What this task involves
Using the records below, find every line that includes "Prop" and copy it.

(Saved entries)
(* Let $r\in\mathbb Z_+$ be even, $\Gamma=\Gamma_{(r,r)}$, and $E\in\mathcal C_\Gamma\setminus\{-4,0,4\}$ with $E<0$. Let $\ell\ge1$ be maximal with $\lambda_\ell^\Gamma(0,0)<E$, and let $m\ge0$ be maximal with $\lambda_m^\Gamma(\pi,\pi)<E$ (with the convention $\lambda_0^\Gamma(\pi,\pi)=-\infty$). Then there exist $(\theta_1,\varphi_1),(\theta_2,\varphi_2)\in[0,\pi]^2$ and integers $n_1,n_2\ge0$ such that $\lambda^\Gamma_{\ell+2n_1}(\theta_1,\varphi_1)<E<\lambda^\Gamma_{\ell+2n_1+1}(\theta_1,\varphi_1)$ and $\lambda^\Gamma_{m+2n_2}(\theta_2,\varphi_2)<E<\lambda^\Gamma_{m+2n_2+1}(\theta_2,\varphi_2)$.
   Context: For $r\ge3$ and $\theta\in\mathbb R$, $\Delta_\theta^r\in\mathbb C^{r\times r}$ is the Hermitian matrix with $1$ on the sub- and superdiagonals, $0$ on the diagonal, entry $e^{-i\theta}$ in position $(1,r)$ and $e^{i\theta}$ in position $(r,1)$, all other entries $0$; $\Delta_\theta^2=\begin{bmatrix}0&1+e^{-i\theta}\\1+e^{i\theta}&0\end{bmatrix}$. $\Gamma=\Gamma_{(r,r)}$, $\Delta^\Gamma_{\theta,\varphi}=\Delta_\theta^r\otimes I_r+I_r\otimes\Delta_\varphi^r$, with eigenvalues $\lambda_1^\Gamma(\theta,\varphi)\le\cdots\le\lambda_{r^2}^\Gamma(\theta,\varphi)$ counted with multiplicity (and $\lambda_0^\Gamma:=-\infty$). $\mathcal C_r=\{2\cos(\pi j/r): j\in\mathbb Z,\ 0\le j\le r\}$ and $\mathcal C_\Gamma=\{a+b:a,b\in\mathcal C_r\}$. *)

From HB Require Import structures.
From Stdlib Require Import Reals Lra ClassicalEpsilon FunctionalExtensionality.
From mathcomp Require Import all_boot all_order all_algebra.
Set Implicit Arguments. Unset Strict Implicit. Unset Printing Implicit Defensive.

Definition Reqb (x y : R) : bool := if Req_EM_T x y then true else false.
Lemma ReqbP : Equality.axiom Reqb.
Proof. by move=> x y; rewrite /Reqb; case: Req_EM_T => h; constructor. Qed.
HB.instance Definition _ := hasDecEq.Build R ReqbP.

Definition Rfind (P : pred R) (n : nat) : option R :=
  match excluded_middle_informative (exists x, P x) with
  | left H => Some (proj1_sig (constructive_indefinite_description _ H))
  | right _ => None
  end.
Lemma Rfind_correct P n x : Rfind P n = Some x -> P x.
Proof.
rewrite /Rfind; case: excluded_middle_informative => // H [<-].
exact: proj2_sig (constructive_indefinite_description _ H).
Qed.
Lemma Rfind_complete (P : pred R) : (exists x, P x) -> exists n, Rfind P n.
Proof. by move=> H; exists 0%N; rewrite /Rfind; case: excluded_middle_informative. Qed.
Lemma Rfind_ext (P Q : pred R) : P =1 Q -> Rfind P =1 Rfind Q.
Proof. by move=> /functional_extensionality ->. Qed.
HB.instance Definition _ :=
  hasChoice.Build R Rfind_correct Rfind_complete Rfind_ext.

Definition C := (R * R)%type.
HB.instance Definition _ := Choice.on C.

Definition C0 : C := (R0, R0).
Definition C1 : C := (R1, R0).
Definition Cadd (a b : C) : C := (Rplus a.1 b.1, Rplus a.2 b.2).
Definition Copp (a : C) : C := (Ropp a.1, Ropp a.2).
Definition Cmul (a b : C) : C :=
  (Rminus (Rmult a.1 b.1) (Rmult a.2 b.2), Rplus (Rmult a.1 b.2) (Rmult a.2 b.1)).

Lemma CaddA : associative Cadd.
Proof. by case=> ? ?; case=> ? ?; case=> ? ?; rewrite /Cmul /Cadd /C0 /C1 /Copp /=; f_equal; ring. Qed.
Lemma CaddC : commutative Cadd.
Proof. by case=> ? ?; case=> ? ?; rewrite /Cmul /Cadd /C0 /C1 /Copp /=; f_equal; ring. Qed.
Lemma Cadd0 : left_id C0 Cadd.
Proof. by case=> ? ?; rewrite /Cmul /Cadd /C0 /C1 /Copp /=; f_equal; ring. Qed.
Lemma CaddN : left_inverse C0 Copp Cadd.
Proof. by case=> ? ?; rewrite /Cmul /Cadd /C0 /C1 /Copp /=; f_equal; ring. Qed.
HB.instance Definition _ := GRing.isZmodule.Build C CaddA CaddC Cadd0 CaddN.

Lemma CmulA : associative Cmul.
Proof. by case=> ? ?; case=> ? ?; case=> ? ?; rewrite /Cmul /Cadd /C0 /C1 /Copp /=; f_equal; ring. Qed.
Lemma CmulC : commutative Cmul.
Proof. by case=> ? ?; case=> ? ?; rewrite /Cmul /Cadd /C0 /C1 /Copp /=; f_equal; ring. Qed.
Lemma Cmul1 : left_id C1 Cmul.
Proof. by case=> ? ?; rewrite /Cmul /Cadd /C0 /C1 /Copp /=; f_equal; ring. Qed.
Lemma CmulDl : left_distributive Cmul Cadd.
Proof. by case=> ? ?; case=> ? ?; case=> ? ?; rewrite /Cmul /Cadd /C0 /C1 /Copp /=; f_equal; ring. Qed.
Lemma C1_neq0 : C1 != C0.
Proof.
apply/eqP => -[] H; move: H; exact: R1_neq_R0.
Qed.
HB.instance Definition _ :=
  GRing.Zmodule_isComNzRing.Build C CmulA CmulC Cmul1 CmulDl C1_neq0.

Local Open Scope ring_scope.
Definition Cr (x : R) : C := (x, R0).
Definition expi (t : R) : C := (cos t, sin t).

(* For r >= 3 this is
   exactly the paper's definition; for r = 2 the contributions add up to the
   paper's [[0, 1+e^{-i theta}], [1+e^{i theta}, 0]]. *)
Definition deltaE (r : nat) (t : R) (i j : nat) : C :=
  ((j == i.+1)%:R + (i == j.+1)%:R
   + (if (i == 0%N) && (j == r.-1) then expi (Ropp t) else 0)
   + (if (i == r.-1) && (j == 0%N) then expi t else 0))%R.

Definition Delta (r : nat) (t : R) : 'M[C]_r := \matrix_(i < r, j < r) deltaE r t i j.

(* Delta^Gamma_{theta,phi} = Delta_theta (x) I_r + I_r (x) Delta_phi, with the
   standard Kronecker indexing (i,j) <-> i*r + j of 'I_(r*r). *)
Definition DeltaG (r : nat) (t p : R) : 'M[C]_(r * r) :=
  \matrix_(k < r * r, l < r * r)
    (deltaE r t (k %/ r)%N (l %/ r)%N * ((k %% r)%N == (l %% r)%N)%:R
     + ((k %/ r)%N == (l %/ r)%N)%:R * deltaE r p (k %% r)%N (l %% r)%N)%R.

Definition Rleb (x y : R) : bool := if Rle_dec x y then true else false.

(* s is the nondecreasing list of the eigenvalues (with algebraic multiplicity,
   all real) of A: the characteristic polynomial det(x I - A) factors as
   prod_{y in s} (x - y). *)
Definition is_spectrum (n : nat) (A : 'M[C]_n) (s : seq R) : Prop :=
  size s = n /\ sorted Rleb s /\
  forall x : R, \det ((Cr x)%:M - A) = (\prod_(y <- s) (Cr x - Cr y))%R.

Definition eigs (n : nat) (A : 'M[C]_n) : seq R :=
  epsilon (inhabits [::]) (is_spectrum A).

(* lamG r t p k = lambda_k^Gamma(t,p) for 1 <= k <= r^2 (1-based index). *)
Definition lamG (r : nat) (t p : R) (k : nat) : R :=
  nth R0 (eigs (DeltaG r t p)) k.-1.

(* DeltaG_{t,p} is diagonalised by tensor products of discrete
   Fourier vectors; its eigenvalues are 2 cos ((t + 2 pi a) / r) + 2 cos ((p + 2 pi b) / r)
   for a, b < r.  Starting from (t0, t0), t0 = 0 or pi, move along the curve
   (t0 + s h^3, t0 + s h^2), s = +-1.  For small h an eigenvalue different from E
   stays on its side of E, while an eigenvalue equal to E leaves it downwards iff the
   sine of its second angle (times s) is positive, or vanishes and the sine of the
   first angle is positive; E <> -4, 0, 4 excludes that both sines vanish.  The
   reflection of the Fourier indices fixing t0 preserves the cosines and flips the
   sines, and together with E < 0 this makes the number of eigenvalues leaving E
   downwards even.  So at the perturbed point E is not an eigenvalue, and the number
   of eigenvalues below E exceeds the one at (t0, t0) by an even number. *)

From Stdlib Require Import Reals Lra Lia ClassicalEpsilon.
From mathcomp Require Import all_boot all_algebra zify.
Import GRing.Theory.

Local Open Scope ring_scope.

Lemma CaddE (a b : C) : a + b = Cadd a b. Proof. by []. Qed.
Lemma CmulE (a b : C) : a * b = Cmul a b. Proof. by []. Qed.
Lemma CoppE (a : C) : - a = Copp a. Proof. by []. Qed.

Ltac Csimpl := rewrite ?CaddE ?CmulE ?CoppE /Cadd /Cmul /Copp /Cr /expi /=.

Lemma Cr_add (x y : R) : Cr (Rplus x y) = Cr x + Cr y.
Proof. by Csimpl; f_equal; ring. Qed.
Lemma Cr_mul (x y : R) : Cr (Rmult x y) = Cr x * Cr y.
Proof. by Csimpl; f_equal; ring. Qed.
Lemma Cr_sub (x y : R) : Cr (Rminus x y) = Cr x - Cr y.
Proof. by Csimpl; f_equal; ring. Qed.
Lemma Cr_inj : injective Cr.
Proof. by move=> x y []. Qed.

Lemma Cr_natr (n : nat) : n%:R = Cr (INR n).
Proof. by elim: n => [|n IH] //; rewrite -addn1 natrD IH plus_INR Cr_add. Qed.

Definition Cinv (z : C) : C :=
  let n := Rplus (Rmult z.1 z.1) (Rmult z.2 z.2) in (Rdiv z.1 n, Ropp (Rdiv z.2 n)).

Lemma CmulV (z : C) : z <> 0 -> z * Cinv z = 1.
Proof.
case: z => u v z0; have n0 : Rplus (Rmult u u) (Rmult v v) <> R0.
  by move=> n0; apply: z0; congr pair; nra.
by rewrite CmulE /Cmul /Cinv /=; congr pair; field.
Qed.

Lemma Cmul_eq0_l (a z : C) : z <> 0 -> a * z = 0 -> a = 0.
Proof. by move=> /CmulV zV az0; rewrite -[a]mulr1 -zV mulrA az0 mul0r. Qed.

Lemma expiD (x y : R) : expi x * expi y = expi (Rplus x y).
Proof. by Csimpl; rewrite cos_plus sin_plus; f_equal; ring. Qed.
Lemma expi0 : expi R0 = 1.
Proof. by rewrite /expi cos_0 sin_0. Qed.
Lemma expiNK (t : R) : expi (Ropp t) * expi t = 1.
Proof. by rewrite expiD Rplus_opp_l expi0. Qed.
Lemma expi_period (x : R) (k : nat) : expi (Rplus x (Rmult (Rmult 2 (INR k)) PI)) = expi x.
Proof. by rewrite /expi cos_period sin_period. Qed.
Lemma expi_2PI (k : nat) : expi (Rmult (Rmult 2 (INR k)) PI) = 1.
Proof. by rewrite -[X in expi X]Rplus_0_l expi_period expi0. Qed.

Lemma expiD_expiB (x a : R) :
  expi (Rplus x a) + expi (Rminus x a) = Cr (Rmult 2 (cos a)) * expi x.
Proof.
Csimpl; rewrite /Rminus !cos_plus !sin_plus cos_neg sin_neg.
by f_equal; ring.
Qed.

Lemma expi_sum_geom_eq0 (n : nat) (x : R) :
  expi (Rmult (INR n) x) = 1 -> expi x <> 1 ->
  \sum_(a < n) expi (Rmult (INR a) x) = 0.
Proof.
move=> xn1 x1; apply: (@Cmul_eq0_l _ (expi x - 1)); first by move/subr0_eq.
rewrite mulrBr mulr1 mulr_suml.
have -> : \sum_(a < n) (expi (Rmult (INR a) x) * expi x)
          = \sum_(a < n.+1) expi (Rmult (INR a) x) - 1.
  rewrite big_ord_recl (_ : Rmult (INR (@ord0 n)) x = R0) ?expi0; last exact: Rmult_0_l.
  rewrite [1 + _]addrC addrK.
  apply: eq_bigr => a _; rewrite expiD; congr expi.
  by rewrite (_ : INR (lift ord0 a) = INR a.+1) // S_INR; ring.
by rewrite big_ord_recr /= xn1 addrK subrr.
Qed.
Definition min_distL_is_1 (X : seq pt) : Prop :=
  (forall p, p \in X -> 1 <= distL p) /\
  (X != [::] -> exists p, p \in X /\ distL p = 1).

Definition standing_assumptions (k : nat) (P Q : seq pt) : Prop :=
  let X := P ++ Q in
  [/\ min_sep_is_1 X, min_distL_is_1 X & all (in_box k) X].

End PD.

(* Fix an optimal augmented matching f. A level-i cell of the shifted quadtree
   counts a matched pair (p, q) only if a level-i grid line passes between their
   x- or y-coordinates, and a non-terminal cell, lying off the diagonal, contains
   a point p only if a vertical grid line passes between p.1 and p.2. So for
   every shift (a, b), d_T^per is bounded by G1(a) + G2(b), where G1 and G2 sum,
   with weight 2^i, the numbers of grid lines crossed by the coordinate segments
   of f. A single line falls between x and y for a set of shifts of measure
   |x - y|, and level i has about 2 Delta / 2^i lines, so every level contributes
   at most 3 Delta^2 |x - y| to the double integral; summing over the
   log Delta + 2 levels gives E[d_T^per] <= 12 (log Delta + 2) d_W(P, Q). When
   log Delta = 0 the standing assumptions leave no point at all. *)

From HB Require Import structures.
From mathcomp Require Import all_boot all_order all_algebra.
From mathcomp Require Import all_classical all_reals all_analysis.
From mathcomp Require Import measurable_realfun lra ring.
Set Implicit Arguments. Unset Strict Implicit. Unset Printing Implicit Defensive.
Import Order.TTheory GRing.Theory Num.Theory.
Local Open Scope ring_scope.

Section integral_bounds.
Variable R : realType.
Local Notation mu := (@lebesgue_measure R).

Result below
Definition is_spectrum (n : nat) (A : 'M[C]_n) (s : seq R) : Prop :=
Definition min_distL_is_1 (X : seq pt) : Prop :=
Definition standing_assumptions (k : nat) (P Q : seq pt) : Prop :=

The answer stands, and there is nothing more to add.